As providers, we have the duty to ensure that our patients understand what it means when we try everything, as its meaning constantly evolves. Most of our patients and their families are not familiar with the life-prolonging therapies medicine holds within its arsenal. Current technologies are now capable of prolonging “life” even in the absence of other qualities that we consider vital to living such as being awake, able to speak, move or eat. “Life” can be preserved even in the presence of conditions that render it miserable such as intractable physical or psychological pain.
In other words, these technologies have created a state of existence in between living and death. As technology further evolves, this gray area will only widen. “Doing everything we can” for our patients and loved ones can commit them to this in-between without any hope for return to normalcy.
There will always be additional therapies, drugs or devices we will feel compelled to add on simply by the condition of our being human, simply because we can.
But while doing more may create the illusion of doing good, some of them will not be productive, and some may even extend suffering. In those instances, we have to vigilantly remind our patients, their families and ourselves that each therapy comes with consequences, and should be initiated with full awareness of what it may entail and come to an unequivocal agreement.
As medicine progresses, death will only become a longer, and less defined realm. We are entering an era where people no longer die, but are weaned from living.
In this new context, “doing everything that we can” cannot remain the default, and as physicians, we must lead this change. Unlike before, it requires nuance and wisdom to know when life ends and death begins. Families may have difficulty finding closure until they have tried everything. They may feel as if they have given up if they do not exhaust every option. Without our willingness to engage in these conversations, how can patients and their families who are unfamiliar with our technologies navigate through these difficult decision-making processes?
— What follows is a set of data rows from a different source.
Lemma contains_circle_scale s A r :
  s <> 0 -> contains_circle A r -> contains_circle (scale_set s A) (Rabs s * r).
Proof.
  intros Hs [c Hc]; exists (s * fst c, s * snd c); intros p Hp.
  exists (fst p / s, snd p / s); split.
  - apply Hc; unfold disk in *; cbn [fst snd] in *.
    apply Rmult_le_reg_l with (s ^ 2); [rewrite <- pow2_abs; apply pow_lt, Rabs_pos_lt, Hs|].
    rewrite Rpow_mult_distr, pow2_abs in Hp.
    replace (s ^ 2 * ((fst p / s - fst c) ^ 2 + (snd p / s - snd c) ^ 2)) with
      ((fst p - s * fst c) ^ 2 + (snd p - s * snd c) ^ 2) by (field; exact Hs).
    exact Hp.
  - destruct p; simpl; f_equal; field; exact Hs.
Qed.

Lemma scale_set_contains_square s A r :
  s <> 0 -> 0 <= r -> contains_circle A r ->
  exists c, forall p, square c (Rabs s * r / sqrt 2) p -> scale_set s A p.
Proof.
  intros Hs Hr HA; destruct (contains_circle_scale s A r Hs HA) as [c Hc].
  exists c; intros p Hp; apply Hc, square_sub_disk; [|exact Hp].
  apply Rmult_le_pos; [apply Rabs_pos | exact Hr].
Qed.

Lemma two_zomega_in_squares cA h cB h' :
  0 < h -> 0 < h' -> silver ^ 2 <= 2 * h * h' ->
  exists u1 u2 : Zomega, Zomega_val u1 <> Zomega_val u2 /\
    (square cA h (Zomega_val u1) /\ square cB h' (Zomega_val (Zomega_bullet u1))) /\
    (square cA h (Zomega_val u2) /\ square cB h' (Zomega_val (Zomega_bullet u2))).
Proof.
  intros Hh Hh' Harea.
  destruct (two_grid_points_of_area (fst cA - h) (fst cA + h) (fst cB - h') (fst cB + h'))
    as (a1 & m1 & a2 & m2 & Hne & [Hx1 Hx1'] & [Hx2 Hx2']); [lra | lra | nra |].
  destruct (two_grid_points_of_area (snd cA - h) (snd cA + h) (snd cB - h') (snd cB + h'))
    as (c & n & _ & _ & _ & [Hy Hy'] & _); [lra | lra | nra |].
  exists (zomega_of_coords a1 m1 c n), (zomega_of_coords a2 m2 c n).
  rewrite !Zomega_val_of_coords, !Zomega_val_bullet_of_coords.
  split; [intros E; injection E; intros; contradiction|].
  repeat split; simpl; lra.
Qed.

Theorem lemma5p57 (A B : point -> Prop) (k : nat) (r R0 : R) :
  convex A -> convex B ->
  0 <= r -> 0 <= R0 ->
  contains_circle A r -> contains_circle B R0 ->
  r * R0 >= / (2 ^ k) * (1 + sqrt 2) ^ 2 ->
  exists u1 u2 : Zomega,
    Zomega_val u1 <> Zomega_val u2 /\
    scaled_grid_solution A B k u1 /\ scaled_grid_solution A B k u2.
Proof.
  intros _ _ Hr HR0 HA HB Hprod.
  pose proof sqrt2_bounds; pose proof sqrt2_sq.
  set (s := sqrt 2 ^ k).
  assert (Hs : 0 < s) by (apply pow_lt; lra).
  assert (Hs' : (- sqrt 2) ^ k <> 0) by (apply pow_nonzero; intro; lra).
  assert (Habs : Rabs ((- sqrt 2) ^ k) = s)
    by (unfold s; rewrite <- RPow_abs, Rabs_Ropp, Rabs_pos_eq; [reflexivity | lra]).
  assert (Harea : silver ^ 2 <= s ^ 2 * (r * R0)).
  { replace (s ^ 2) with (2 ^ k)
      by (unfold s; rewrite <- pow_mult, Nat.mul_comm, pow_mult; f_equal; simpl; lra).
    apply Rmult_le_reg_l with (/ 2 ^ k); [apply Rinv_0_lt_compat, pow_lt; lra|].
    rewrite <- Rmult_assoc, Rinv_l by (apply pow_nonzero; lra); fold silver in Hprod; lra. }
  assert (Hpos : 0 < s * r / sqrt 2 /\ 0 < s * R0 / sqrt 2).
  { pose proof silver_bounds.
    destruct Hr as [Hr | <-], HR0 as [HR0 | <-]; [|nra..].
    split; apply Rdiv_lt_0_compat; nra. }
  destruct (scale_set_contains_square s A r ltac:(intro; lra) Hr HA) as [cA HcA].
  destruct (scale_set_contains_square _ B R0 Hs' HR0 HB) as [cB HcB].
  rewrite Rabs_pos_eq in HcA by lra; rewrite Habs in HcB.
  destruct (two_zomega_in_squares cA (s * r / sqrt 2) cB (s * R0 / sqrt 2))
    as (u1 & u2 & Hne & [HA1 HB1] & [HA2 HB2]).
  - apply Hpos.
  - apply Hpos.
  - rewrite !div_sqrt2.
    replace (2 * _ * _) with (s ^ 2 * (r * R0) * (sqrt 2 * sqrt 2) / 2) by field.
    rewrite sqrt2_sq; lra.
  - exists u1, u2; repeat split; auto.
Qed.
Definition gamma_open (U : Gamma -> Prop) : Prop :=
  forall x, U x -> exists eps, 0 < eps /\
    forall y, Rabs (proj1_sig x - proj1_sig y) < eps -> U y.

Definition Met (d : Gamma -> Gamma -> R) : Prop :=
  is_metric d /\ forall U, d_open d U <-> gamma_open U.

(* D_Gamma(d,e) < eps, where D_Gamma(d,e) = sup_{x,y} |d x y - e x y| in [0,+oo]. *)
Definition D_lt (d e : Gamma -> Gamma -> R) (eps : R) : Prop :=
  exists s, s < eps /\ forall x y, Rabs (d x y - e x y) <= s.

(* Topology on (Met(Gamma), D_Gamma); subsets are predicates contained in Met. *)
Definition Met_open (U : (Gamma -> Gamma -> R) -> Prop) : Prop :=
  (forall d, U d -> Met d) /\
  forall d, U d -> exists eps, 0 < eps /\ forall e, Met e -> D_lt d e eps -> U e.

Definition Met_closed (F : (Gamma -> Gamma -> R) -> Prop) : Prop :=
  (forall d, F d -> Met d) /\ Met_open (fun d => Met d /\ ~ F d).

Definition Met_dense (A : (Gamma -> Gamma -> R) -> Prop) : Prop :=
  (forall d, A d -> Met d) /\
  forall d eps, Met d -> 0 < eps -> exists e, A e /\ D_lt d e eps.

Definition Met_Fsigma (A : (Gamma -> Gamma -> R) -> Prop) : Prop :=
  exists F : nat -> (Gamma -> Gamma -> R) -> Prop,
    (forall n, Met_closed (F n)) /\ (forall d, A d <-> exists n, F n d).

Definition Met_Gdelta (A : (Gamma -> Gamma -> R) -> Prop) : Prop :=
  exists G : nat -> (Gamma -> Gamma -> R) -> Prop,
    (forall n, Met_open (G n)) /\ (forall d, A d <-> Met d /\ forall n, G n d).

(* c-uniformly perfect; "r < diam_d(Gamma)" is unfolded as: some distance exceeds r. *)
Definition c_unif_perfect (c : R) (d : Gamma -> Gamma -> R) : Prop :=
  forall x r, 0 < r -> (exists a b, r < d a b) ->
    exists y, c * r <= d x y /\ d x y <= r.

Definition unif_perfect (d : Gamma -> Gamma -> R) : Prop :=
  exists c, 0 < c < 1 /\ c_unif_perfect c d.

From Stdlib Require Import Reals Lra Lia Arith Classical ClassicalEpsilon ProofIrrelevance Rtopology.
Open Scope R_scope.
While we engage with patients and their families in the already overwhelming and challenging discussion of end-of-life care, we must find the tenderness to acknowledge their fears. But we must also find the clarity and firmness to define what everything entails, and ask if everything should indeed be done. Be explicit about the odds and the possible degree of recovery. Above all, ask them and ourselves at which point of trying everything will we be able to find peace and acceptance of death.
Most importantly, if patients and families still choose to do everything after these conversations, we must remain by their sides and keep trying our best to compassionately find a way forward.
Because unlike the god-like technologies that prolong life and continue to change the scope of medical practice, our commitment as physicians to “doing everything that we can” to be present for those in pain and suffering has not changed and never will because that. More than any life-saving therapy, it is ultimately the real truth behind what it means to be a doctor.
Jason J. Han is a cardiothoracic surgery resident.